Items from a data source:
= = =

(* Let $n$ and $0<n_1<\cdots<n_d<n$ be integers with $m_1=n_1$, $m_k=n_k-n_{k-1}$ ($2\le k\le d$), $m_{d+1}=n-n_d$, and regard $\mathrm{Flag}(n_1,\dots,n_d;n)=\{(VJ_1V^{\mathsf T},\dots,VJ_{d+1}V^{\mathsf T}):V\in\mathrm{O}(n)\}$ as a submanifold of $(\mathbb{R}^{n\times n})^{d+1}$ with the Frobenius inner product. Let $V(t)$ be a differentiable curve in $\mathrm{O}(n)$, $\Lambda(t)=V(t)^{\mathsf T}\dot V(t)$, with $\Lambda(k,k)(t)\equiv0$ for $k=1,\dots,d+1$, and $c(t)=V(t)(J_1,\dots,J_{d+1})V(t)^{\mathsf T}$. Define \begin{align*} T_1(t)&=V(t)\big(\dot\Lambda J_1-J_1\dot\Lambda,\dots,\dot\Lambda J_{d+1}-J_{d+1}\dot\Lambda\big)V(t)^{\mathsf T},\\ T_2(t)&=V(t)\big(\Lambda^2J_1+J_1\Lambda^2,\dots,\Lambda^2J_{d+1}+J_{d+1}\Lambda^2\big)V(t)^{\mathsf T},\\ T_3(t)&=V(t)\big(\Lambda J_1\Lambda,\dots,\Lambda J_{d+1}\Lambda\big)V(t)^{\mathsf T}, \end{align*} with $\Lambda=\Lambda(t)$. Then (1) $T_1(t)\in\mathbb{T}_{c(t)}\mathrm{Flag}(n_1,\dots,n_d;n)$; (2) the orthogonal projection of $T_2(t)$ onto $\mathbb{T}_{c(t)}\mathrm{Flag}(n_1,\dots,n_d;n)$ is zero; (3) the orthogonal projection of $T_3(t)$ onto $\mathbb{T}_{c(t)}\mathrm{Flag}(n_1,\dots,n_d;n)$ is zero.
   Context: $J_k=\operatorname{diag}(-I_{m_1},\dots,-I_{m_{k-1}},I_{m_k},-I_{m_{k+1}},\dots,-I_{m_{d+1}})$ for $k=1,\dots,d+1$. $V(X_1,\dots,X_{d+1})V^{\mathsf T}$ denotes $(VX_1V^{\mathsf T},\dots,VX_{d+1}V^{\mathsf T})$. For an $n\times n$ matrix $M$, $M(p,q)$ denotes its $(p,q)$ block in the partition $n=m_1+\cdots+m_{d+1}$. *)

From HB Require Import structures.
From mathcomp Require Import all_boot all_order all_algebra.
From mathcomp Require Import all_classical all_reals all_analysis.
Unset Printing Implicit Defensive.
Import Order.TTheory GRing.Theory Num.Theory.
Import numFieldNormedType.Exports.
Local Open Scope classical_set_scope.
Local Open Scope ring_scope.

Section FlagDefs.
Variable R : realType.

Definition mx_derivable {m p : nat} (f : R -> 'M[R]_(m, p)) (t : R) : Prop :=
  forall i j, derivable (fun s => f s i j) t 1.

Definition mx_deriv {m p : nat} (f : R -> 'M[R]_(m, p)) (t : R) : 'M[R]_(m, p) :=
  \matrix_(i, j) derive1 (fun s => f s i j) t.

Definition ext (nn : nat -> nat) (d n : nat) (k : nat) : nat :=
  if k == 0%N then 0%N else if (k <= d)%N then nn k else n.

(* index i (0-based) lies in the block number k+1 (k : 0-based block index). *)
Definition in_block (nn : nat -> nat) (d n : nat) (k : nat) (i : nat) : bool :=
  (ext nn d n k <= i < ext nn d n k.+1)%N.
Lemma log_kernel_integral_ge : exists2 dl : R, 0 < dl &
  forall u, (dl%:E <= \int[P]_x (log_kernel b c u (q x))%:E)%E.
Proof.
have [eta [M [eta0 etaM PS_gt0]]] := prob_band_gt0.
set S := [set x | _] in PS_gt0; have mS : measurable S := measurable_band _ _.
have PSE : P S = (fine (P S))%:E by rewrite fineK ?fin_num_measure.
set pS := fine (P S) in PSE; have pS_gt0 : 0 < pS by rewrite -lte_fin -PSE.
set lb := excess_lb b c eta M; have lb_gt0 : 0 < lb by exact: excess_lb_gt0.
exists (lb * pS); first exact: mulr_gt0.
move=> u; set w := weight b u.
have ik := integrable_log_kernel log_moment_fin b u c_gt0.
have ikN := integrable_log_kernelN log_moment_fin b u c_gt0.
have ila := integrable_log_alpha log_moment_fin b c_gt0.
have ilow : P.-integrable setT
    (fun x => (2 * lb * \1_S x + (2 * w - 1) * log_alpha b c (q x))%:E).
  under eq_fun do rewrite EFinD !EFinM.
  by apply: integrableD => //; apply: integrableZl => //; exact: integrable_indic.
have ipair : P.-integrable setT
    (fun x => (log_kernel b c u (q x) + log_kernel b c u (- q x))%:E).
  by under eq_fun do rewrite EFinD; exact: integrableD.
have lowE : (\int[P]_x (2 * lb * \1_S x + (2 * w - 1) * log_alpha b c (q x))%:E
    = (2 * lb * pS)%:E)%E.
  under eq_integral do rewrite EFinD !EFinM.
  rewrite integralD //; try by apply: integrableZl => //; exact: integrable_indic.
  rewrite !integralZl //; last exact: integrable_indic.
  rewrite log_alpha_mean0 integral_indic // setIT mule0 adde0.
  by rewrite /pS [in RHS]EFinM fineK ?fin_num_measure.
have kE := integral_sym (measurable_log_kernel b c u) ik ikN.
set I := (\int[P]_x (log_kernel b c u (q x))%:E)%E in kE *.
have pairE : (\int[P]_x (log_kernel b c u (q x) + log_kernel b c u (- q x))%:E = I + I)%E.
  by under eq_integral do rewrite EFinD; rewrite integralD // -kE.
have : ((2 * lb * pS)%:E <= I + I)%E.
  rewrite -lowE -pairE; apply: le_integral => // x _.
  rewrite lee_fin log_kernelD_kernelN lerD2r -mulrA ler_pM2l // indicE.
  have [xS|_] := boolP (x \in S); last by rewrite mulr0 sym_excess_ge0.
  by rewrite mulr1 sym_excess_ge //; move: xS; rewrite inE.
have I_fin : I \is a fin_num by exact: integrable_fin_num.
by rewrite -(fineK I_fin) -EFinD !lee_fin; lra.
Qed.

End SymmetricLogKernel.

Section ResolventLogs.
Variable R : realType.
Variables a b En : R.
Hypothesis b_gt0 : 0 < b.
Hypothesis Re_eq0 : a + a / (a ^+ 2 + b ^+ 2) + En = 0.

Let r_gt0 : 0 < a ^+ 2 + b ^+ 2. Proof. exact: sqr_add_sqr_gt0. Qed.
Let EnE : En = - a - a / (a ^+ 2 + b ^+ 2).
Proof. by move/eqP: Re_eq0; rewrite addrC addr_eq0 opprD => /eqP. Qed.
(* Assume the two-layer linear setting below, Assumptions (A3) and (A4), $\lambda_1\ge2\lambda_2$, and the learning-rate condition $\eta<\frac{nd}{(d+1)\lambda_1}$. Let $c_5$ be a constant with $0<c_5<\min\{2\beta,\frac{d}{d+1}\}$, and suppose $$m>\frac{3\eta c_2}{\frac{2d}{d+1}-2c_5}\quad\text{and}\quad m>\frac{\eta c_2}{2\beta-c_5}.$$ Then there is a constant $C$, depending only on $c_5$, $\eta$ and $\lambda_1/n$, such that $\|D(t)\|\le C\sqrt{nm}$ for all $t$.
   Context: Two-layer linear setting. Let $m$ be even and let $d,n\ge1$. The data matrix is $X=[x_1,\dots,x_n]\in\mathbb R^{d\times n}$ and the labels are $Y\in\{-1,1\}^n$, so that $\|Y\|=\sqrt n$. The network is $f(x)=\frac1{\sqrt m}A^\top Wx$ with $A\in\mathbb R^m$ and $W\in\mathbb R^{m\times d}$, trained by gradient descent $$A(t+1)=A(t)-\tfrac{2\eta}{n\sqrt m}W(t)XD(t),\qquad W(t+1)=W(t)-\tfrac{2\eta}{n\sqrt m}A(t)D(t)^\top X^\top$$ from the symmetric initialization, which satisfies $W(0)^\top W(0)=\frac md I_d$ and $F(0)=0$. Here $F=\frac1{\sqrt m}X^\top W^\top A$ is the output vector and $D=F-Y$ the residual. Define the Gram matrix $M(t)=\frac{2}{mn}\big(\|A(t)\|^2X^\top X+X^\top W(t)^\top W(t)X\big)$, the sharpness $\Lambda(t)=\lambda_{\max}(M(t))$, and $\Gamma(t)=\frac{2}{mn}\big(X^\top W(t)^\top W(t)X-\frac md X^\top X\big)$. $X^\top X$ has eigenvalues $\lambda_1\ge\lambda_2\ge\dots$, and $\lambda_1=\Theta(n)$. (A3): there is a constant $c_2>0$ with $\|\Gamma(t)\|\le c_2/m$ for all $t$. (A4): there is a constant $\beta>0$ with $\Lambda(t)\le\frac4\eta(1-\beta)$ for all $t$. *)

From HB Require Import structures.
From mathcomp Require Import all_boot all_order all_algebra.
From mathcomp Require Import reals.
Set Implicit Arguments. Unset Strict Implicit. Unset Printing Implicit Defensive.
Import Order.TTheory GRing.Theory Num.Theory.
Local Open Scope ring_scope.

Section TwoLayer.
Variable R : realType.
(* Assume the conditional linking at random (CLAR) assumption $P(L=1\mid \tilde{T}, \Delta, Q=0, \mathbf{X}) = P(L=1\mid Q=0, \mathbf{X})$ holds. Then for any $(\boldsymbol\beta,\lambda_0)$, $$\mathbb{E}\big(l(\boldsymbol\beta,\lambda_0)\big) = \mathbb{E}\left[\frac{I(L+Q>0)\, l(\boldsymbol\beta,\lambda_0)}{Q + (1-Q)\,P(L=1\mid \mathbf{X}, Q=0)}\right],$$ where $l(\boldsymbol\beta,\lambda_0) = \log\big(\lambda(\tilde{T}\mid \mathbf{X})^{\Delta} S(\tilde{T}\mid \mathbf{X})\big)$ is the Cox log-likelihood contribution of a single observation, with $\lambda(t\mid\mathbf{X}) = \lambda_0(t)\exp(\boldsymbol\beta^T\mathbf{X})$ and $S(t\mid\mathbf{X})$ the corresponding conditional survival function.
   Context: Participants of a clinical trial are possibly linked to an observational follow-up dataset. $T$ is the failure time, $C_1$ the censoring time within the trial, $C_2$ the censoring time in the observational follow-up, $C=\max(C_1,C_2)$, $\tilde{T}=\min(T,C)$, $\Delta=I(T\le C)$, $Q=I(T\le C_1)$ is the in-trial event indicator, $L\in\{0,1\}$ the linkage indicator, and $\mathbf{X}\in\mathbb{R}^p$ the (time-independent) covariates including treatment. The pair $(\tilde{T},\Delta)$ is observed when $L=1$ or $Q=1$, and missing when $L=0,Q=0$. Expectations are over $(L,Q,\tilde{T},\Delta,\mathbf{X})$, and $P(L=1\mid \mathbf{X},Q=0)>0$ so the weight is well defined. *)

From HB Require Import structures.
From mathcomp Require Import all_boot all_order all_algebra.
From mathcomp Require Import all_classical all_reals all_analysis.
Set Implicit Arguments. Unset Strict Implicit. Unset Printing Implicit Defensive.
Import Order.TTheory GRing.Theory Num.Theory.
Local Open Scope classical_set_scope.
Local Open Scope ring_scope.

Section Model.
Context {d : measure_display} {Omega : measurableType d} {R : realType}.

Definition cens (C1 C2 : Omega -> R) (w : Omega) : R := Num.max (C1 w) (C2 w).
Definition obs_time (T C1 C2 : Omega -> R) (w : Omega) : R :=
  Num.min (T w) (cens C1 C2 w).
Definition event_ind (T C1 C2 : Omega -> R) (w : Omega) : bool :=
  T w <= cens C1 C2 w.
Definition trial_ind (T C1 : Omega -> R) (w : Omega) : bool := T w <= C1 w.

Definition linpred (p : nat) (beta : 'I_p -> R) (X : 'I_p -> Omega -> R)
  (w : Omega) : R := \sum_(i < p) beta i * X i w.

Definition sigma_X (p : nat) (X : 'I_p -> Omega -> R) : set (set Omega) :=
  <<s [set A | exists i B, measurable B /\ A = X i @^-1` B] >>.

Definition sigma_TDX (p : nat) (Tt : Omega -> R) (Dl : Omega -> bool)
  (X : 'I_p -> Omega -> R) : set (set Omega) :=
  <<s [set A | (exists B, measurable B /\ A = Tt @^-1` B)
            \/ A = [set w | Dl w]
            \/ (exists i B, measurable B /\ A = X i @^-1` B)] >>.

(* pi is a version of P(L = 1 | G, Q = 0) for the sigma-algebra G:
   pi is G-measurable and, for every A in G,
   E[ 1{L=1} 1{Q=0} 1_A ] = E[ pi 1{Q=0} 1_A ]. *)
Definition cond_prob_L1_Q0 (P : probability Omega R) (G : set (set Omega))
  (L Qb : Omega -> bool) (pi : Omega -> R) : Prop :=
  (forall B : set R, measurable B -> G (pi @^-1` B)) /\
  forall A, G A ->
    (\int[P]_(w in A `&` [set w | ~~ Qb w]) (if L w then 1 else 0)%:E =
     \int[P]_(w in A `&` [set w | ~~ Qb w]) (pi w)%:E)%E.

Definition cumhaz (lambda0 : R -> R) (t : R) : \bar R :=
  (\int[lebesgue_measure]_(s in `[0%R, t]%classic) (lambda0 s)%:E)%E.

Definition cox_hazard (lambda0 : R -> R) (lp : R) (t : R) : R :=
  lambda0 t * expR lp.

Definition cox_surv (lambda0 : R -> R) (lp : R) (t : R) : \bar R :=
  expeR (- (cumhaz lambda0 t * (expR lp)%:E))%E.
(* The end of the inductive step of strong elimination: a circuit V vanishing
   at e and not at f, whose entries come from X, Y or -Z3, is traded for one
   composed of X and Y only, by repeatedly eliminating against Z3 the entries
   of V that do not come from X or Y. *)
Lemma strong_elim_cleanup k X Y Z3 e f : strong_elim_upto k ->
  #|supp X :|: supp Y| <= k.+1 -> X e != sz ->
  Z3 \in C -> Z3 e = sz -> Z3 f = sz -> composed Z3 X Y ->
  forall V, V \in C -> V e = sz -> V f != sz ->
  (forall g, V g = sz \/ V g = X g \/ V g = Y g \/ V g = sneg (Z3 g)) ->
  exists2 Z, Z \in C & [/\ Z e = sz, Z f != sz & composed Z X Y].
Proof.
move=> IH Hk HXe HZ3 HZ3e HZ3f HZ3c V.
pose bad V := [set g | ~~ [|| V g == sz, V g == X g | V g == Y g]].
have [m] := ubnP #|bad V|; elim: m V => // m IHm V Hb HV HVe HVf HVc.
have [Eb|[j Hj]] := set_0Vmem (bad V).
  exists V => //; split=> // g; have : g \notin bad V by rewrite Eb inE.
  by rewrite inE negbK => /or3P[] /eqP; auto.
have HVj : V j = sneg (Z3 j).
  by move: Hj; rewrite inE; case: (HVc j) => [->|[->|[->|->]]]; rewrite ?eqxx ?orbT.
have HVj0 : V j != sz by move: Hj; rewrite inE; apply: contra => /eqP ->.
have HsZ3 := subsetP (composed_supp HZ3c).
have HsV : supp V \subset supp X :|: supp Y.
  apply/subsetP => g; rewrite in_supp.
  case: (HVc g) => [->|[->|[->|->]]] H; first by rewrite eqxx in H.
  - by rewrite !inE H.
  - by rewrite !inE H orbT.
  - by apply: HsZ3; rewrite in_supp; move: H; case: (Z3 g) => [[]|].
have Hsize : #|supp V :|: supp Z3| <= k.
  rewrite -ltnS; apply: leq_trans Hk; apply: (card_ltP (x := e)).
  - by rewrite subUset HsV composed_supp.
  - by rewrite !inE HXe.
  - by rewrite !inE HVe HZ3e eqxx.
have [|V' HV' [HV'j HV'f HV'c]] := IH V Z3 j f HV HZ3 Hsize HVj0 _ HVf HZ3f.
  by rewrite HVj snegK.
apply: (IHm V') => //.
- rewrite -ltnS; apply: leq_trans Hb; apply: (card_ltP (x := j)) => //.
    apply/subsetP => g; rewrite !inE; case: (HV'c g) => [->|[->|->]] //.
    by case: (HZ3c g) => [->|[->|->]]; rewrite eqxx ?orbT.
  by rewrite inE HV'j eqxx.
- exact: composed_eq0 HV'c HVe HZ3e.
- move=> g; case: (HV'c g) => [->|[->|->]]; [by left|exact: HVc|].
  by case: (HZ3c g) => [->|[->|->]]; auto.
Qed.

Lemma strong_elim_bounded k : strong_elim_upto k.
Proof.
elim: k => [|k IH] X Y e f HX HY Hk HXe HYe HXf HYf.
  by move: Hk; rewrite leqn0 cards_eq0 => /eqP/setP/(_ e); rewrite !inE HXe.
have HXY : X != opp Y by apply/eqP => E; move: HXf; rewrite E oppE HYf.
have [Z3 HZ3 [HZ3e HZ3c]] := weak_elim HX HY HXY HXe HYe.
have [HZ3f|HZ3f] := eqVneq (Z3 f) sz; last by exists Z3.
have [g HZ3g HXg] := circ_escapes HZ3 HX HZ3e HXe.
have HYg : Y g = Z3 g by rewrite (composed_eq (composed_sym HZ3c)).
have HsZ3 := composed_supp HZ3c.
(* Eliminate g between Y and -Z3, keeping e. *)
have HsizeY : #|supp Y :|: supp (opp Z3)| <= k.
  rewrite -ltnS; apply: leq_trans Hk; apply: (card_ltP (x := f)).
  - by rewrite supp_opp subUset subsetUr HsZ3.
  - by rewrite !inE HXf.
  - by rewrite supp_opp !inE HYf HZ3f eqxx.
have [||||Y' HY' [HY'g HY'e HY'c]] := IH Y (opp Z3) g e HY (opp_circ HZ3) HsizeY.
- by rewrite HYg.
- by rewrite oppE HYg.
- by rewrite HYe; case: (X e) HXe => [[]|].
- by rewrite oppE HZ3e.
have HY'eY : Y' e = Y e by rewrite (composed_eq HY'c) // oppE HZ3e.
have HsY' : supp Y' \subset supp X :|: supp Y.
  apply: subset_trans (composed_supp HY'c) _.
  by rewrite supp_opp subUset subsetUr HsZ3.
(* Eliminate e between X and Y', keeping f. *)
have HsizeX : #|supp X :|: supp Y'| <= k.
  rewrite -ltnS; apply: leq_trans Hk; apply: (card_ltP (x := g)).
  - by rewrite subUset subsetUl HsY'.
  - by rewrite !inE HYg HZ3g orbT.
  - by rewrite !inE HXg HY'g eqxx.
have HY'f : Y' f = sz by rewrite (composed_eq0 HY'c) // oppE HZ3f.
have [W HW [HWe HWf HWc]] := IH X Y' e f HX HY' HsizeX HXe (etrans HY'eY HYe) HXf HY'f.
apply: (strong_elim_cleanup IH Hk HXe HZ3 HZ3e HZ3f HZ3c HW HWe HWf) => j.
case: (HWc j) => [->|[->|->]]; auto.
by case: (HY'c j) => [->|[->|->]]; rewrite ?oppE; auto.
Qed.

= = =

EXERCISE PROMPT:
Copy, exactly and only, the lines above that begin with the one containing "<<s [set A | (exists" and finish with the one containing "Definition cox_surv (lambda0".

ANSWER FOR THIS EXERCISE:
  <<s [set A | (exists B, measurable B /\ A = Tt @^-1` B)
            \/ A = [set w | Dl w]
            \/ (exists i B, measurable B /\ A = X i @^-1` B)] >>.

(* pi is a version of P(L = 1 | G, Q = 0) for the sigma-algebra G:
   pi is G-measurable and, for every A in G,
   E[ 1{L=1} 1{Q=0} 1_A ] = E[ pi 1{Q=0} 1_A ]. *)
Definition cond_prob_L1_Q0 (P : probability Omega R) (G : set (set Omega))
  (L Qb : Omega -> bool) (pi : Omega -> R) : Prop :=
  (forall B : set R, measurable B -> G (pi @^-1` B)) /\
  forall A, G A ->
    (\int[P]_(w in A `&` [set w | ~~ Qb w]) (if L w then 1 else 0)%:E =
     \int[P]_(w in A `&` [set w | ~~ Qb w]) (pi w)%:E)%E.

Definition cumhaz (lambda0 : R -> R) (t : R) : \bar R :=
  (\int[lebesgue_measure]_(s in `[0%R, t]%classic) (lambda0 s)%:E)%E.

Definition cox_hazard (lambda0 : R -> R) (lp : R) (t : R) : R :=
  lambda0 t * expR lp.

Definition cox_surv (lambda0 : R -> R) (lp : R) (t : R) : \bar R :=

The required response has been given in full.